We could see that we were coming up against our capacity. The next upgrade was going to be financially significant. Maybe not risky, because we feel like we’ve got this great following and foundation, and we’re seeing double digit growth every year. But we looked at this and asked whether we were ready to reinvest so much in our brewery. Is a better approach to bring in some partners and give our staff some stability? If so, whom do you partner with? Private equity? An enormous brewery? Or do you find another like-minded craft brewer?
Duvel Moortgat is an amazing, 150-year-old Belgian company with a ton of experience. They are ale brewers. I’ve always loved and cherished their Dubbel.

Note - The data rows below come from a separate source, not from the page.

(* Let $H$ be an inner product space over $\mathbb{K}\in\{\mathbb{R},\mathbb{C}\}$. Let $x,y\in H$ with $x\neq 0$, $y\neq 0$, and let $\delta>0$ be such that $\|x-y\|\le \delta$. (a) If $\|y\|>\delta$, then $$0\le \|x\|^2\|y\|^2-|\langle x,y\rangle|^2\le \|x\|^2\|y\|^2-[\operatorname{Re}\langle x,y\rangle]^2\le \delta^2\|x\|^2 .$$ Moreover, the constant $1$ in front of $\delta^2$ is best possible. That is, for every $k\in(0,1)$ there exist an inner product space $H$, nonzero $x,y\in H$ and $\delta>0$ with $\|x-y\|\le\delta$ and $\|y\|>\delta$ such that $\|x\|^2\|y\|^2-[\operatorname{Re}\langle x,y\rangle]^2> k\,\delta^2\|x\|^2$. (b) If $\|y\|=\delta$, then $$\|x\|^2\le 2\operatorname{Re}\langle x,y\rangle\le 2|\langle x,y\rangle|,$$ and the constant $2$ is best possible in both inequalities. That is, for every $c<2$ there exist such $H,x,y,\delta$ with $\|x-y\|\le\delta=\|y\|$ and $\|x\|^2>c\operatorname{Re}\langle x,y\rangle$, and likewise with $\|x\|^2>c|\langle x,y\rangle|$. (c) If $\|y\|<\delta$, then $$\|x\|^2\le \delta^2-\|y\|^2+2\operatorname{Re}\langle x,y\rangle\le \delta^2-\|y\|^2+2|\langle x,y\rangle|,$$ and the constant $2$ is best possible. That is, for every $c<2$ there exist such $H,x,y,\delta$ with $\|x-y\|\le\delta$, $\|y\|<\delta$ and $\|x\|^2>\delta^2-\|y\|^2+c\operatorname{Re}\langle x,y\rangle$, and likewise with $c|\langle x,y\rangle|$ in place of $c\operatorname{Re}\langle x,y\rangle$.
   Context: $\|u\|=\sqrt{\langle u,u\rangle}$ denotes the norm induced by the inner product. *)

From HB Require Import structures.
From mathcomp Require Import all_boot all_order all_algebra.
From mathcomp Require Import all_reals.
From mathcomp Require Import complex.
Set Implicit Arguments. Unset Strict Implicit. Unset Printing Implicit Defensive.
Import Order.TTheory GRing.Theory Num.Theory.
Local Open Scope ring_scope.

Inductive scalar_kind := RealK | ComplexK.

Definition scal (R : realType) (k : scalar_kind) : numFieldType :=
  match k with RealK => R | ComplexK => (R[i] : numFieldType) end.

Definition conjK (R : realType) (k : scalar_kind) : scal R k -> scal R k :=
  match k return scal R k -> scal R k with
  | RealK => fun z => z
  | ComplexK => fun z : R[i] => (z^*)%R
  end.

Definition ReK (R : realType) (k : scalar_kind) : scal R k -> R :=
  match k return scal R k -> R with
  | RealK => fun z => z
  | ComplexK => fun z : R[i] => complex.Re z
  end.

Definition absK (R : realType) (k : scalar_kind) (z : scal R k) : R :=
  ReK `|z|.

Record inner_product_space (R : realType) (k : scalar_kind) := IPS {
  ips_car :> lmodType (scal R k);
  inner : ips_car -> ips_car -> scal R k;
  inner_linear : forall (a : scal R k) (x y z : ips_car),
      inner (a *: x + y) z = a * inner x z + inner y z;
  inner_conj_sym : forall x y : ips_car, inner y x = conjK (inner x y);
  inner_ge0 : forall x : ips_car, 0 <= inner x x;
  inner_eq0 : forall x : ips_car, inner x x = 0 -> x = 0
}.

Definition ipnorm (R : realType) (k : scalar_kind)
  (H : inner_product_space R k) (u : H) : R :=
  Num.sqrt (ReK (inner u u)).

From HB Require Import structures.
From mathcomp Require Import all_boot all_order all_algebra.
From mathcomp Require Import all_reals.
From mathcomp Require Import complex.
From mathcomp Require Import ring lra.
Import Order.TTheory GRing.Theory Num.Theory.
Local Open Scope ring_scope.

Set Implicit Arguments.
Unset Strict Implicit.
Unset Printing Implicit Defensive.

(* Expanding ||x - y||^2 <= delta^2 gives
     ||x||^2 <= delta^2 - ||y||^2 + 2 Re<x,y>,
   which is (b) and (c), since Re <= |.|.  In case (a) both sides of
   ||x||^2 + (||y||^2 - delta^2) <= 2 Re<x,y> are positive; squaring,
     4 (||x||^2 ||y||^2 - Re^2)
       <= 4 ||x||^2 ||y||^2 - (||x||^2 + ||y||^2 - delta^2)^2
        = 4 delta^2 ||x||^2 - (||x||^2 - ||y||^2 + delta^2)^2.
   The lower bounds of (a) are Cauchy-Schwarz and Re^2 <= |.|^2.
   Sharpness is witnessed in K^2: x = (1,0), y = (1,1), delta = 1 gives
   equality in (a); x = (2,0), y = (1,0) gives ||x||^2 = 2 Re<x,y> = 2 |<x,y>|
   with delta = 1 for (b), and (c) follows with delta^2 = 3 - c. *)

Section Scalars.
Variables (R : realType) (k : scalar_kind).
Implicit Types a b : scal R k.

Lemma conjKD a b : conjK (a + b) = conjK a + conjK b.
Proof. by case: k a b => //= a b; exact: rmorphD. Qed.

Lemma conjKB a b : conjK (a - b) = conjK a - conjK b.
Proof. by case: k a b => //= a b; exact: rmorphB. Qed.

Lemma conjKM a b : conjK (a * b) = conjK a * conjK b.
Proof. by case: k a b => //= a b; exact: rmorphM. Qed.

Lemma conjKK a : conjK (conjK a) = a.
Proof. by case: k a => //= a; exact: conjCK. Qed.

Lemma conjK_ge0 a : 0 <= a -> conjK a = a.
Proof. by case: k a => //= a; exact: geC0_conj. Qed.

Lemma conjK_nat n : conjK (n%:R : scal R k) = n%:R.
Proof. by rewrite conjK_ge0 ?ler0n. Qed.

Lemma ReKD a b : ReK (a + b) = ReK a + ReK b.
Proof. by case: k a b => //= -[a1 a2] [b1 b2]. Qed.

Lemma ReKB a b : ReK (a - b) = ReK a - ReK b.
Proof. by case: k a b => //= -[a1 a2] [b1 b2]. Qed.

Lemma ReK_conj a : ReK (conjK a) = ReK a.
Proof. by case: k a => //= -[a1 a2]. Qed.

Lemma ReK_ge0 a : 0 <= a -> 0 <= ReK a.
Proof. by case: k a => //= -[a1 a2]; rewrite lecE /= => /andP[]. Qed.

Lemma ReKMl_ge0 a b : 0 <= a -> ReK (a * b) = ReK a * ReK b.
Proof.
case: k a b => //= -[a1 a2] [b1 b2]; rewrite lecE /= => /andP[/eqP -> _].
by simpc.
Qed.

Lemma ReK_nat n : ReK (n%:R : scal R k) = n%:R.
Proof.
elim: n => [|n IHn]; first by case: k.
by rewrite !mulrSr ReKD IHn; case: k.
Qed.

Lemma absK_nat n : absK (n%:R : scal R k) = n%:R.
Proof. by rewrite /absK normr_nat ReK_nat. Qed.

Lemma absKN a : absK (- a) = absK a.
Proof. by rewrite /absK normrN. Qed.

Lemma absK_sq a : ReK (conjK a * a) = absK a ^+ 2.
Proof.
rewrite /absK; case: k a => /= [a|[a1 a2]].
  by rewrite real_normK ?num_real.
by rewrite sqr_sqrtr ?addr_ge0 ?sqr_ge0 //; simpc; rewrite !expr2.
Qed.

Lemma ReK_le_absK a : ReK a <= absK a.
Proof.
rewrite /absK; case: k a => /= [a|[a1 a2]]; first exact: ler_norm.
apply: le_trans (ler_norm a1) _; rewrite -sqrtr_sqr.
by rewrite ler_wsqrtr // lerDl sqr_ge0.
Qed.

Lemma ReK_sq_le_absK a : ReK a ^+ 2 <= absK a ^+ 2.
Proof.
rewrite /absK; case: k a => /= [a|[a1 a2]].
  by rewrite real_normK ?num_real.
by rewrite sqr_sqrtr ?addr_ge0 ?sqr_ge0 // lerDl sqr_ge0.
Qed.

Lemma mulK_conj_ge0 a : 0 <= a * conjK a.
Proof.
by case: k a => /= a; [rewrite -expr2 sqr_ge0 | exact: mul_conjC_ge0].
Qed.

Lemma mulK_conj_eq0 a : (a * conjK a == 0) = (a == 0).
Proof.
by case: k a => /= a; [rewrite mulf_eq0 orbb | exact: mul_conjC_eq0].
Qed.

End Scalars.

Lemma gram_le_of_dist (F : realFieldType) (a n d r : F) :
  0 <= a -> d < n -> a + n - 2 * r <= d -> a * n - r ^+ 2 <= d * a.
Proof.
move=> a_ge0 dn dist_le.
have sq_le : (a + (n - d)) ^+ 2 <= (2 * r) ^+ 2.
  by rewrite lerXn2r ?nnegrE; lra.
have := sqr_ge0 (a - (n - d)); rewrite !expr2 in sq_le *; nra.
Qed.

Section InnerProduct.
Variables (R : realType) (k : scalar_kind) (H : inner_product_space R k).
Implicit Types (a : scal R k) (x y z : H).

Lemma innerB x y z : inner (x - y) z = inner x z - inner y z.
Proof. by rewrite addrC -scaleN1r inner_linear mulN1r addrC. Qed.

Lemma inner0 z : inner 0 z = 0.
Proof. by rewrite -(subrr z) innerB subrr. Qed.

Lemma innerZ a x z : inner (a *: x) z = a * inner x z.
Proof. by rewrite -[a *: x]addr0 inner_linear inner0 addr0. Qed.

Lemma innerBr x y z : inner z (x - y) = inner z x - inner z y.
Proof. by rewrite inner_conj_sym innerB conjKB -!inner_conj_sym. Qed.

Lemma inner0r z : inner z 0 = 0.
Proof. by rewrite -(subrr z) innerBr subrr. Qed.

Lemma innerZr a x z : inner z (a *: x) = conjK a * inner z x.
Proof. by rewrite inner_conj_sym innerZ conjKM -inner_conj_sym. Qed.

Lemma ipnorm_ge0 x : 0 <= ipnorm x.
Proof. exact: sqrtr_ge0. Qed.

Lemma ipnorm_sq x : ipnorm x ^+ 2 = ReK (inner x x).
Proof. by rewrite sqr_sqrtr // ReK_ge0 ?inner_ge0. Qed.

Lemma cauchy_schwarz x y :
  absK (inner x y) ^+ 2 <= ipnorm x ^+ 2 * ipnorm y ^+ 2.
Proof.
have [->|y0] := eqVneq y 0.
  by rewrite inner0r (absK_nat _ _ 0) expr0n mulr_ge0 ?sqr_ge0.
have B_gt0 : 0 < inner y y.
  by rewrite lt_def inner_ge0 andbT; apply: contra_neq y0 => /inner_eq0.
set A := inner x x; set B := inner y y; set z := inner x y.
(* v is orthogonal to y, so <v,v> = B <x,v> = B (B ||x||^2 - |<x,y>|^2). *)
pose v := B *: x - z *: y.
have vx : inner x v = B * A - conjK z * z.
  by rewrite innerBr !innerZr conjK_ge0 ?ltW.
have vy : inner y v = 0.
  by rewrite innerBr !innerZr conjK_ge0 ?ltW // inner_conj_sym -/z mulrC subrr.
have vv : inner v v = B * (B * A - conjK z * z).
  by rewrite {1}/v innerB !innerZ vx vy mulr0 subr0.
have : 0 <= B * A - conjK z * z by rewrite -(pmulr_rge0 _ B_gt0) -vv inner_ge0.
move=> /ReK_ge0; rewrite ReKB (ReKMl_ge0 _ (ltW B_gt0)) absK_sq !ipnorm_sq.
by rewrite subr_ge0 mulrC.
Qed.

Lemma ipnorm_subX x y :
  ipnorm (x - y) ^+ 2 = ipnorm x ^+ 2 + ipnorm y ^+ 2 - 2 * ReK (inner x y).
Proof.
rewrite !ipnorm_sq innerB !innerBr !ReKB.
by rewrite [inner y x]inner_conj_sym ReK_conj; lra.
Qed.

Lemma dist_sq_le x y delta : 0 <= delta -> ipnorm (x - y) <= delta ->
  ipnorm x ^+ 2 + ipnorm y ^+ 2 - 2 * ReK (inner x y) <= delta ^+ 2.
Proof.
by move=> delta_ge0 xy_le; rewrite -ipnorm_subX lerXn2r ?nnegrE ?ipnorm_ge0.
Qed.

Lemma gram_le_dist x y delta :
  0 <= delta -> ipnorm (x - y) <= delta -> delta < ipnorm y ->
  ipnorm x ^+ 2 * ipnorm y ^+ 2 - ReK (inner x y) ^+ 2
    <= delta ^+ 2 * ipnorm x ^+ 2.
Proof.
move=> delta_ge0 xy_le y_gt.
apply: gram_le_of_dist; first exact: sqr_ge0.
- by rewrite ltrXn2r.
- exact: dist_sq_le.
Qed.

End InnerProduct.

Section PairSpace.
Variables (R : realType) (k : scalar_kind).
Local Notation K := (scal R k).
Implicit Types u v w : K^o * K^o.

Definition pair_inner u v : K := u.1 * conjK v.1 + u.2 * conjK v.2.

Lemma pair_inner_linear a u v w :
  pair_inner (a *: u + v) w = a * pair_inner u w + pair_inner v w.
Proof. by rewrite /pair_inner /= -![_ *: _]/(_ * _); ring. Qed.

Lemma pair_inner_conj_sym u v : pair_inner v u = conjK (pair_inner u v).
Proof. by rewrite /pair_inner conjKD !conjKM !conjKK mulrC [_.2 * _]mulrC. Qed.

Lemma pair_inner_ge0 u : 0 <= pair_inner u u.
Proof. by rewrite addr_ge0 ?mulK_conj_ge0. Qed.

Lemma pair_inner_eq0 u : pair_inner u u = 0 -> u = 0.
Proof.
move=> /eqP; rewrite paddr_eq0 ?mulK_conj_ge0 // !mulK_conj_eq0.
by case: u => u1 u2 /= /andP[/eqP -> /eqP ->].
Qed.

Definition pair_ips : inner_product_space R k :=
  IPS pair_inner_linear pair_inner_conj_sym pair_inner_ge0 pair_inner_eq0.

Lemma ipnorm_pair (a b : K) :
  ipnorm ((a, b) : pair_ips) = Num.sqrt (absK a ^+ 2 + absK b ^+ 2).
Proof.
by rewrite /ipnorm /= /pair_inner ReKD -!absK_sq ![conjK _ * _]mulrC.
Qed.

Lemma pair_neq0 (a b : K) : a != 0 -> ((a, b) : pair_ips) <> 0.
Proof. by move=> /negP a_neq0 [a_eq0 _]; apply: a_neq0; rewrite a_eq0. Qed.

Lemma pair_witness_gram : exists x y : pair_ips,
  [/\ x <> 0, y <> 0, ipnorm x = 1, ipnorm y ^+ 2 = 2 &
      ipnorm (x - y) = 1 /\ ReK (inner x y) = 1].
Proof.
have absK0 := absK_nat R k 0; have absK1 := absK_nat R k 1.
exists (1, 0), (1, 1); split; try exact: pair_neq0 (oner_neq0 _).
- by rewrite ipnorm_pair absK0 absK1 expr0n expr1n addr0 sqrtr1.
- by rewrite ipnorm_pair absK1 expr1n sqr_sqrtr // addr_ge0.
split.
- rewrite -[_ - _]/((1 - 1, 0 - 1) : pair_ips) subrr sub0r ipnorm_pair absKN.
  by rewrite absK0 absK1 expr0n expr1n add0r sqrtr1.
- by rewrite /= /pair_inner (conjK_nat _ _ 1) mul0r addr0 mulr1 (ReK_nat _ _ 1).
Qed.

Lemma pair_witness_double : exists x y : pair_ips,
  [/\ x <> 0, y <> 0, ipnorm x ^+ 2 = 4, ipnorm y = 1 &
      [/\ ipnorm (x - y) = 1, ReK (inner x y) = 2 & absK (inner x y) = 2]].
Proof.
have absK0 := absK_nat R k 0; have absK1 := absK_nat R k 1.
have two_neq0 : (2 : K) != 0 by rewrite pnatr_eq0.
exists (2, 0), (1, 0); split.
- exact: pair_neq0.
- exact: pair_neq0 (oner_neq0 _).
- rewrite ipnorm_pair absK0 (absK_nat _ _ 2) expr0n addr0.
  by rewrite sqr_sqrtr ?sqr_ge0 // -natrX.
- by rewrite ipnorm_pair absK0 absK1 expr0n expr1n addr0 sqrtr1.
have inner_xy : inner ((2, 0) : pair_ips) (1, 0) = 2.
  by rewrite /= /pair_inner (conjK_nat _ _ 1) mul0r addr0 mulr1.
rewrite inner_xy ReK_nat absK_nat; split => //.
rewrite -[_ - _]/((2 - 1, 0 - 0) : pair_ips) subrr ipnorm_pair.
have -> : (2 - 1 : K) = 1 by ring.
by rewrite absK0 absK1 expr0n expr1n addr0 sqrtr1.
Qed.

End PairSpace.

Theorem theorem1 (R : realType) (k : scalar_kind) :
  (* the inequalities (a), (b), (c) *)
  (forall (H : inner_product_space R k) (x y : H) (delta : R),
     x <> 0 -> y <> 0 -> 0 < delta -> ipnorm (x - y) <= delta ->
     (delta < ipnorm y ->
        0 <= ipnorm x ^+ 2 * ipnorm y ^+ 2 - absK (inner x y) ^+ 2 /\
        ipnorm x ^+ 2 * ipnorm y ^+ 2 - absK (inner x y) ^+ 2
          <= ipnorm x ^+ 2 * ipnorm y ^+ 2 - ReK (inner x y) ^+ 2 /\
        ipnorm x ^+ 2 * ipnorm y ^+ 2 - ReK (inner x y) ^+ 2
          <= delta ^+ 2 * ipnorm x ^+ 2) /\
     (ipnorm y = delta ->
        ipnorm x ^+ 2 <= 2 * ReK (inner x y) /\
        2 * ReK (inner x y) <= 2 * absK (inner x y)) /\
     (ipnorm y < delta ->
        ipnorm x ^+ 2 <= delta ^+ 2 - ipnorm y ^+ 2 + 2 * ReK (inner x y) /\
        delta ^+ 2 - ipnorm y ^+ 2 + 2 * ReK (inner x y)
          <= delta ^+ 2 - ipnorm y ^+ 2 + 2 * absK (inner x y)))
  /\
  (* (a): the constant 1 is best possible *)
  (forall c : R, 0 < c < 1 ->
     exists (H : inner_product_space R k) (x y : H) (delta : R),
       [/\ x <> 0, y <> 0, 0 < delta, ipnorm (x - y) <= delta /\
           delta < ipnorm y &
           ipnorm x ^+ 2 * ipnorm y ^+ 2 - ReK (inner x y) ^+ 2
             > c * delta ^+ 2 * ipnorm x ^+ 2])
  /\
  (* (b): the constant 2 is best possible in both inequalities *)
  (forall c : R, c < 2 ->
     (exists (H : inner_product_space R k) (x y : H) (delta : R),
       [/\ x <> 0, y <> 0, 0 < delta, ipnorm (x - y) <= delta /\
           ipnorm y = delta &
           ipnorm x ^+ 2 > c * ReK (inner x y)]) /\
     (exists (H : inner_product_space R k) (x y : H) (delta : R),
       [/\ x <> 0, y <> 0, 0 < delta, ipnorm (x - y) <= delta /\
           ipnorm y = delta &
           ipnorm x ^+ 2 > c * absK (inner x y)]))
  /\
  (* (c): the constant 2 is best possible *)
  (forall c : R, c < 2 ->
     (exists (H : inner_product_space R k) (x y : H) (delta : R),
       [/\ x <> 0, y <> 0, 0 < delta, ipnorm (x - y) <= delta /\
           ipnorm y < delta &
           ipnorm x ^+ 2 > delta ^+ 2 - ipnorm y ^+ 2 + c * ReK (inner x y)]) /\
     (exists (H : inner_product_space R k) (x y : H) (delta : R),
       [/\ x <> 0, y <> 0, 0 < delta, ipnorm (x - y) <= delta /\
           ipnorm y < delta &
           ipnorm x ^+ 2 > delta ^+ 2 - ipnorm y ^+ 2 + c * absK (inner x y)])).
Proof.
split.
  move=> H x y delta _ _ /ltW delta_ge0 xy_le.
  have dist_le := dist_sq_le delta_ge0 xy_le.
  have cs := cauchy_schwarz x y.
  have re_le := ReK_le_absK (inner x y).
  have re_sq_le := ReK_sq_le_absK (inner x y).
  split; [|split] => y_cmp; last by split; lra.
  - by split; [lra | split; [lra | exact: gram_le_dist]].
  - by rewrite y_cmp in dist_le; split; lra.
have [x [y [x0 y0 nx ny2 [nxy rexy]]]] := pair_witness_gram R k.
have [u [v [u0 v0 nu nv [nuv reuv absuv]]]] := pair_witness_double R k.
split.
  move=> c /andP[c_gt0 c_lt1]; exists (pair_ips R k), x, y, 1.
  have ny_gt1 : 1 < ipnorm y by have := ipnorm_ge0 y; nra.
  by split; rewrite ?nx ?ny2 ?nxy ?rexy ?expr1n //; lra.
split=> c c_lt2.
  split; exists (pair_ips R k), u, v, 1;
    by split; rewrite ?nu ?nv ?nuv ?reuv ?absuv //; lra.
have delta_gt1 : 1 < Num.sqrt (3 - c) by rewrite -{1}sqrtr1 ltr_sqrt; lra.
have delta_sq : Num.sqrt (3 - c) ^+ 2 = 3 - c by rewrite sqr_sqrtr //; lra.
split; exists (pair_ips R k), u, v, (Num.sqrt (3 - c));
  by split; rewrite ?nu ?nv ?nuv ?reuv ?absuv ?delta_sq //; lra.
Qed.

Partnering up with someone that has the same mindset in technology and craft brewing seemed such a win-win. Before partnering with us, they had purchased Boulevard Brewing and Ommegang, which we have mad respect for. I gave my blessing right from the beginning.
It’s fun to be fiercely independent, taking all the credit for whatever you’re doing as a company and as a team. I don’t want to take any of that away. I just feel that culturally this deal enhances everything we’re doing. Now we’ve got a partner in a brewery in the Midwest (Boulevard Brewing) and Northeast (Ommegang), too. I’m anticipating that some day we’ll be brewing each other’s beers in these facilities and backing each other up, getting fresher beer to our far-away markets.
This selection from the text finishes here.